THE PROBLEM:
All lines in the material below that contain "last" should be located and copied.
━━━
(* Let $(S,\gamma)$ be a $C^\infty$ surface with boundary in $\mathbf{R}^3$, and suppose the boundary $\gamma$ is of finite type $(1,1+s,1+s+r)$ at $t=t_0$ (for positive integers $r,s$). Then $\gamma(t_0)$ is an osculating-tangent point if and only if $\kappa_2^{(s-1)}(t_0)=0$.
   Context: $S\subset\mathbf{R}^3$ is a co-oriented immersed $C^\infty$ surface with boundary curve $\gamma$, parametrised by arc length $t$; $f^{(j)}$ denotes the $j$-th derivative in $t$. Adapted frame: $\boldsymbol e_1=\gamma'$, $\boldsymbol e_3=\boldsymbol n$ the unit normal of $S$, $\boldsymbol e_2=\boldsymbol e_3\times\boldsymbol e_1$; $\kappa_1,\kappa_2,\kappa_3$ are defined by $\boldsymbol e_1'=\kappa_1\boldsymbol e_2+\kappa_2\boldsymbol e_3$, $\boldsymbol e_2'=-\kappa_1\boldsymbol e_1+\kappa_3\boldsymbol e_3$, $\boldsymbol e_3'=-\kappa_2\boldsymbol e_1-\kappa_3\boldsymbol e_2$. The curve $\gamma$ is of finite type at $t_0$ if $A_m(t_0)=(\gamma'(t_0),\dots,\gamma^{(m)}(t_0))$ has rank $3$ for some $m$; its type is $(a_1,a_2,a_3)$ with $a_i=\min\{m:\mathrm{rank}A_m(t_0)=i\}$. The osculating plane at $t_0$ is the plane through $\gamma(t_0)$ spanned by $\gamma^{(a_1)}(t_0)$ and $\gamma^{(a_2)}(t_0)$. $\gamma(t_0)$ is an osculating-tangent point if this osculating plane equals $T_{\gamma(t_0)}S$. *)

From HB Require Import structures.
From mathcomp Require Import all_boot all_order all_algebra.
From mathcomp Require Import all_classical all_reals all_analysis.
Set Implicit Arguments. Unset Strict Implicit. Unset Printing Implicit Defensive.
Import Order.TTheory GRing.Theory Num.Theory.
Import numFieldNormedType.Exports.
Local Open Scope ring_scope.
Local Open Scope classical_set_scope.

Section Defs.
Variable R : realType.

Definition vec3 := 'rV[R]_3.

Definition dot (u v : vec3) : R := (u *m v^T) 0 0.

Definition dern (V : normedModType R) (j : nat) (f : R -> V) : R -> V :=
  derive1n j f.

Definition smooth (V : normedModType R) (f : R -> V) : Prop :=
  forall (j : nat) (t : R), derivable (dern j f) t 1.

(* A_m(t0) = (gamma'(t0), ..., gamma^(m)(t0)); stored with these vectors as rows *)
Definition Amat (g : R -> vec3) (t0 : R) (m : nat) : 'M[R]_(m, 3) :=
  \matrix_(i < m, j < 3) dern i.+1 g t0 0 j.

Definition finite_type_at (g : R -> vec3) (t0 : R) : Prop :=
  exists m, \rank (Amat g t0 m) = 3%N.

Definition is_min_rank_index (g : R -> vec3) (t0 : R) (i a : nat) : Prop :=
  \rank (Amat g t0 a) = i /\ forall m, \rank (Amat g t0 m) = i -> (a <= m)%N.

Definition has_type_at (g : R -> vec3) (t0 : R) (a1 a2 a3 : nat) : Prop :=
  finite_type_at g t0 /\
  is_min_rank_index g t0 1 a1 /\ is_min_rank_index g t0 2 a2 /\
  is_min_rank_index g t0 3 a3.

(* Data of a co-oriented smooth surface S along its boundary curve gamma:
   gamma parametrised by arc length, and the unit normal n of S along gamma
   (n(t) is orthogonal to gamma'(t), so T_{gamma(t)}S = n(t)^perp). *)
Definition surface_boundary_data (g n : R -> vec3) : Prop :=
  smooth g /\ smooth n /\
  (forall t, dot (dern 1 g t) (dern 1 g t) = 1) /\
  (forall t, dot (n t) (n t) = 1) /\
  (forall t, dot (n t) (dern 1 g t) = 0).

Definition cross (u v : vec3) : vec3 :=
  \row_(k < 3)
    (if k == 0 :> nat then u 0 1 * v 0 2 - u 0 2 * v 0 1
     else if k == 1 :> nat then u 0 2 * v 0 0 - u 0 0 * v 0 2
     else u 0 0 * v 0 1 - u 0 1 * v 0 0).

Definition e1 (g : R -> vec3) : R -> vec3 := dern 1 g.
Definition e3 (n : R -> vec3) : R -> vec3 := n.
Definition e2 (g n : R -> vec3) : R -> vec3 := fun t => cross (e3 n t) (e1 g t).

(* e1' = kappa1 e2 + kappa2 e3 with (e1,e2,e3) orthonormal, so
   kappa2 = <e1', e3> *)
Definition kappa2 (g n : R -> vec3) : R -> R :=
  fun t => dot (dern 1 (e1 g) t) (e3 n t).

Definition osculating_plane (g : R -> vec3) (t0 : R) (a1 a2 : nat) : set vec3 :=
  [set p | exists a b : R,
     p = g t0 + a *: dern a1 g t0 + b *: dern a2 g t0].

Definition tangent_plane (g n : R -> vec3) (t0 : R) : set vec3 :=
  [set p | dot (p - g t0) (n t0) = 0].

Definition osculating_tangent_point (g n : R -> vec3) (t0 : R) (a1 a2 : nat) : Prop :=
  osculating_plane g t0 a1 a2 = tangent_plane g n t0.

End Defs.

From HB Require Import structures.
From mathcomp Require Import all_boot all_order all_algebra.
From mathcomp Require Import all_classical all_reals all_analysis.
From mathcomp Require Import ring lra zify.
Set Implicit Arguments. Unset Strict Implicit. Unset Printing Implicit Defensive.
Import Order.TTheory GRing.Theory Num.Theory.
Import numFieldNormedType.Exports.
Local Open Scope ring_scope.

(* Since [g] has unit speed, all derivatives of [<g', g'>] vanish; by the
   Leibniz rule, as long as [g'', ..., g^(k-1)] vanish at [t0], [g^(k)(t0)] is
   orthogonal to [g'(t0)].  The type [(1, 1+s, _)] makes [g^(k)(t0)] parallel to
   [g'(t0)] for [k <= s], hence [g'' = ... = g^(s) = 0] at [t0].  Consequently
   the osculating plane is spanned by [g'] and [g^(s+1)], and the Leibniz rule
   applied to [kappa2 = <g'', n>] leaves only [kappa2^(s-1) = <g^(s+1), n>].
   Both planes contain [g(t0) + R g'(t0)], so they agree iff [g^(s+1)] is
   orthogonal to [n]. *)

Section Dot.
Variable R : realType.
Implicit Types u v w : vec3 R.

Lemma dotE u v : dot u v = u 0 0 * v 0 0 + u 0 1 * v 0 1 + u 0 2 * v 0 2.
Proof.
rewrite /dot mxE !big_ord_recr big_ord0 /= !mxE add0r.
by repeat f_equal; apply/val_inj.
Qed.

Lemma dotC u v : dot u v = dot v u.
Proof. by rewrite !dotE; ring. Qed.

Lemma dotDl u v w : dot (u + v) w = dot u w + dot v w.
Proof. by rewrite !dotE !mxE; ring. Qed.

Lemma dotZl (a : R) u w : dot (a *: u) w = a * dot u w.
Proof. by rewrite !dotE !mxE; ring. Qed.

Lemma dot0l w : dot 0 w = 0.
Proof. by rewrite !dotE !mxE; ring. Qed.

Lemma dot_self1_neq0 u : dot u u = 1 -> u != 0.
Proof. by apply: contra_eqN => /eqP ->; rewrite dot0l eq_sym oner_eq0. Qed.

Lemma sub_kermx_trP u v : reflect (dot u v = 0) (u <= kermx v^T)%MS.
Proof.
rewrite sub_kermx [u *m _]mx11_scalar -/(dot u v).
apply: (iffP eqP) => [/matrixP/(_ 0 0) | ->]; rewrite ?mxE //.
by apply/matrixP => i j; rewrite !mxE mul0rn.
Qed.

Lemma rank_kermx_tr v : v != 0 -> \rank (kermx v^T) = 2%N.
Proof. by move=> v0; rewrite mxrank_ker mxrank_tr rank_rV v0. Qed.

Lemma orthogonal_in_span u v (n : vec3 R) w :
  n != 0 -> dot u n = 0 -> dot v n = 0 -> \rank (col_mx u v) = 2%N ->
  dot w n = 0 -> exists a b : R, w = a *: u + b *: v.
Proof.
move=> n0 /sub_kermx_trP un /sub_kermx_trP vn ruv /sub_kermx_trP wn.
have uv_n : (col_mx u v <= kermx n^T)%MS by rewrite col_mx_sub un vn.
have n_uv : (kermx n^T <= col_mx u v)%MS.
  by rewrite -(mxrank_leqif_sup uv_n).2 ruv rank_kermx_tr.
have /submxP[D ->] := submx_trans wn n_uv.
exists (lsubmx D 0 0), (rsubmx D 0 0).
by rewrite -[D in LHS]hsubmxK mul_row_col -!mul_scalar_mx -!mx11_scalar.
Qed.

End Dot.

Arguments dern : simpl never.

Section Derivatives.
Variable R : realType.

Lemma dernS (V : normedModType R) k (f : R -> V) :
  dern k.+1 f = derive1 (dern k f).
Proof. exact: derive1nS. Qed.

Lemma dernD (V : normedModType R) i j (f : R -> V) :
  dern i (dern j f) = dern (i + j) f.
Proof. by rewrite /dern /derive1n iterD. Qed.

Lemma dern_cst (V : normedModType R) k (c : V) :
  dern k.+1 (fun _ : R => c) = fun _ => 0.
Proof.
elim: k => [|k IH]; rewrite dernS ?IH;
  by apply/funext => t; rewrite derive1_cst.
Qed.

Lemma smooth_dern (V : normedModType R) k (f : R -> V) :
  smooth f -> smooth (dern k f).
Proof. by move=> sf j t; rewrite dernD; apply: sf. Qed.

Section DotProduct.
Variables (f h : R -> vec3 R) (t : R).
Hypotheses (df : derivable f t 1) (dh : derivable h t 1).

Let dot_coord : (fun x => dot (f x) (h x)) =
  (fun x => f x 0 0) * (fun x => h x 0 0) + (fun x => f x 0 1) * (fun x => h x 0 1)
  + (fun x => f x 0 2) * (fun x => h x 0 2).
Proof. by apply/funext => x; rewrite dotE. Qed.

Let df_coord j : derivable (fun x => f x 0 j) t 1.
Proof. exact: (derivable_mxP f t 1).1 df 0 j. Qed.

Let dh_coord j : derivable (fun x => h x 0 j) t 1.
Proof. exact: (derivable_mxP h t 1).1 dh 0 j. Qed.

Lemma derivable_dot : derivable (fun x => dot (f x) (h x)) t 1.
Proof.
by rewrite dot_coord; apply: derivableD; [apply: derivableD|]; apply: derivableM.
Qed.

Lemma derive_dot :
  'D_1 (fun x => dot (f x) (h x)) t = dot ('D_1 f t) (h t) + dot (f t) ('D_1 h t).
Proof.
rewrite dot_coord deriveD; last 2 first.
- by apply: derivableD; apply: derivableM.
- exact: derivableM.
rewrite deriveD ?deriveM //; try exact: derivableM.
rewrite (derive_mx df) (derive_mx dh) !dotE !mxE /= -![_ *: _]/(_ * _).
ring.
Qed.

End DotProduct.

Lemma sum_binomial_succ (F : nat -> nat -> R) k :
  \sum_(i < k.+1) 'C(k, i)%:R * (F i.+1 (k - i)%N + F i (k - i).+1) =
  \sum_(i < k.+2) 'C(k.+1, i)%:R * F i (k.+1 - i)%N.
Proof.
rewrite [RHS]big_ord_recl /= bin0 subn0.
under [X in _ = _ + X]eq_bigr => i _ do
  rewrite /bump /= add1n binS subSS natrD mulrDl.
rewrite big_split /=.
under eq_bigr => i _ do rewrite mulrDr.
rewrite big_split /= addrC [RHS]addrA; congr (_ + _).
rewrite big_ord_recl /= bin0 subn0; congr (_ + _).
rewrite [RHS]big_ord_recr /= bin_small // mul0r addr0.
by apply: eq_bigr => i _; rewrite /bump /= add1n subnSK.
Qed.

Lemma dern_dot (f h : R -> vec3 R) : smooth f -> smooth h -> forall k,
  dern k (fun x => dot (f x) (h x)) =
  fun t => \sum_(i < k.+1) 'C(k, i)%:R * dot (dern i f t) (dern (k - i) h t).
Proof.
move=> sf sh; elim=> [|k IH].
  by apply/funext => t; rewrite big_ord1 /= bin0 mul1r.
rewrite dernS IH; apply/funext => t; rewrite derive1E -fct_sumE.
have D i : derivable (fun t => dot (dern i f t) (dern (k - i) h t)) t 1.
  exact: derivable_dot.
rewrite derive_sum => [|i]; last exact: derivableZ (D i).
rewrite -(sum_binomial_succ (fun a b => dot (dern a f t) (dern b h t))).
apply: eq_bigr => i _.
rewrite (deriveZ _ (D i)) derive_dot ?dernS ?derive1E //.
Qed.

End Derivatives.

Arguments smooth_dern {R V} k {f}.

Section BoundaryCurve.
Variables (R : realType) (g : R -> vec3 R) (t0 : R).
Hypotheses (smooth_g : smooth g)
  (unit_speed : forall t, dot (dern 1 g t) (dern 1 g t) = 1).

Lemma row_Amat m (i : 'I_m) : row i (Amat g t0 m) = dern i.+1 g t0.
Proof. by apply/rowP => j; rewrite !mxE. Qed.

Lemma rank_Amat_le1 a2 a3 m :
  is_min_rank_index g t0 2 a2 -> is_min_rank_index g t0 3 a3 ->
  (a2 <= a3)%N -> (m < a2)%N -> (\rank (Amat g t0 m) <= 1)%N.
Proof.
move=> [_ min2] [_ min3] a23 ma2.
have ne2 : \rank (Amat g t0 m) <> 2%N by move=> /min2; lia.
have ne3 : \rank (Amat g t0 m) <> 3%N by move=> /min3; lia.
have := rank_leq_col (Amat g t0 m); lia.
Qed.

Lemma dern1_neq0 : dern 1 g t0 != 0.
Proof. exact: dot_self1_neq0. Qed.

Lemma dern_parallel_dern1 m : (\rank (Amat g t0 m) <= 1)%N ->
  forall k, (0 < k <= m)%N -> exists c : R, dern k g t0 = c *: dern 1 g t0.
Proof.
move=> rkA [//|k] /andP[_ km].
have m0 : (0 < m)%N by lia.
have u_A := row_sub (Ordinal m0) (Amat g t0 m); rewrite row_Amat in u_A.
have rk_u : \rank (dern 1 g t0) = 1%N by rewrite rank_rV dern1_neq0.
have A_u : (Amat g t0 m <= dern 1 g t0)%MS.
  by rewrite -(mxrank_leqif_sup u_A).2 rk_u eqn_leq rkA andbT -{1}rk_u mxrankS.
apply/sub_rVP; have := submx_trans (row_sub (Ordinal km) _) A_u.
by rewrite row_Amat.
Qed.

Lemma dern1_orthogonal_dern k : (2 <= k)%N ->
  (forall j, (2 <= j < k)%N -> dern j g t0 = 0) ->
  dot (dern 1 g t0) (dern k g t0) = 0.
Proof.
case: k => [|[|p]] // _ vanish.
have := congr1 (fun f => f t0)
  (dern_dot (smooth_dern 1 smooth_g) (smooth_dern 1 smooth_g) p.+1).
rewrite (_ : (fun x => _) = fun _ => 1); last exact/funext.
rewrite dern_cst big_ord_recl big_ord_recr /= big1 => [|i _]; last first.
  by rewrite /bump /= !dernD vanish ?dot0l ?mulr0 //; have := ltn_ord i; lia.
rewrite bin0 binn subn0 subnn !dernD !mul1r add0r add0n addn1 dotC.
lra.
Qed.

Lemma dern_vanish m : (\rank (Amat g t0 m) <= 1)%N ->
  forall k, (2 <= k <= m)%N -> dern k g t0 = 0.
Proof.
move=> rkA; elim/ltn_ind=> k IH /andP[k2 km].
have [c gk] : exists c : R, dern k g t0 = c *: dern 1 g t0.
  by apply: (dern_parallel_dern1 rkA); lia.
have : dot (dern 1 g t0) (dern k g t0) = 0.
  by apply: dern1_orthogonal_dern => // j /andP[j2 jk]; apply: IH; lia.
by rewrite gk dotC dotZl unit_speed mulr1 => c0; rewrite c0 scale0r.
Qed.

Lemma Amat_sub_col_mx s : (forall j, (2 <= j <= s)%N -> dern j g t0 = 0) ->
  (Amat g t0 s.+1 <= col_mx (dern 1 g t0) (dern s.+1 g t0))%MS.
Proof.
move=> vanish; apply/row_subP => i; rewrite row_Amat -addsmxE.
have [-> | i_neq0] := eqVneq (i : nat) 0%N; first exact: addsmxSl.
have [-> | i_neqs] := eqVneq (i : nat) s; first exact: addsmxSr.
by rewrite vanish ?sub0mx //; have := ltn_ord i; lia.
Qed.

Lemma dern_kappa2 (n : R -> vec3 R) k : smooth n ->
  (forall j, (2 <= j <= k.+1)%N -> dern j g t0 = 0) ->
  dern k (kappa2 g n) t0 = dot (dern k.+2 g t0) (n t0).
Proof.
move=> smooth_n vanish.
have -> : kappa2 g n = fun t => dot (dern 2 g t) (n t).
  by apply/funext => t; rewrite /kappa2 /e1 /e3 dernD.
rewrite (dern_dot (smooth_dern 2 smooth_g) smooth_n k) big_ord_recr /=.
rewrite big1 => [|j _]; last first.
  by rewrite dernD vanish ?dot0l ?mulr0 //; have := ltn_ord j; lia.
by rewrite add0r binn mul1r subnn dernD addn2.
Qed.

Lemma osculating_tangent_pointP (n : R -> vec3 R) a :
  n t0 != 0 -> dot (dern 1 g t0) (n t0) = 0 ->
  \rank (col_mx (dern 1 g t0) (dern a g t0)) = 2%N ->
  osculating_tangent_point g n t0 1 a <-> dot (dern a g t0) (n t0) = 0.
Proof.
move=> n0 un ruv; split.
- move=> plane_eq.
  have : tangent_plane g n t0 (g t0 + 0 *: dern 1 g t0 + 1 *: dern a g t0).
    by rewrite -plane_eq; exists 0, 1.
  by rewrite /tangent_plane /= scale0r addr0 scale1r (addrC (g t0)) addrK.
- move=> vn; apply/seteqP; split => p /=.
  + case=> x [y ->]; rewrite /tangent_plane /= -(addrA (g t0)) (addrC (g t0)) addrK.
    by rewrite dotDl !dotZl un vn !mulr0 addr0.
  + move=> /(orthogonal_in_span n0 un vn ruv)[x [y xy]].
    by exists x, y; rewrite -addrA -xy addrC subrK.
Qed.

End BoundaryCurve.

Theorem theorem3p2 (R : realType) (g n : R -> vec3 R) (t0 : R) (r s : nat) :
  (0 < r)%N -> (0 < s)%N ->
  surface_boundary_data g n ->
  has_type_at g t0 1 (1 + s) (1 + s + r) ->
  (osculating_tangent_point g n t0 1 (1 + s) <->
   dern (s - 1) (kappa2 g n) t0 = 0).
Proof.
move=> _; case: s => // s _ [smooth_g [smooth_n [unit_g [unit_n n_g]]]].
move=> [_ [_ [type2 type3]]]; rewrite add1n subn1 /=.
have rkA : (\rank (Amat g t0 s.+1) <= 1)%N.
  by apply: (rank_Amat_le1 type2 type3); rewrite ?leq_addr.
have vanish := dern_vanish smooth_g unit_g rkA.
have rk_plane : \rank (col_mx (dern 1 g t0) (dern s.+2 g t0)) = 2%N.
  apply/eqP; rewrite eqn_leq rank_leq_row -{1}type2.1.
  exact: mxrankS (Amat_sub_col_mx vanish).
rewrite (dern_kappa2 smooth_g smooth_n vanish).
apply: osculating_tangent_pointP rk_plane.
- exact: dot_self1_neq0.
- by rewrite dotC.
Qed.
━━━
RESPONSE:
rewrite dot_coord deriveD; last 2 first.
rewrite derive_sum => [|i]; last exact: derivableZ (D i).
rewrite (_ : (fun x => _) = fun _ => 1); last exact/funext.
rewrite dern_cst big_ord_recl big_ord_recr /= big1 => [|i _]; last first.
rewrite big1 => [|j _]; last first.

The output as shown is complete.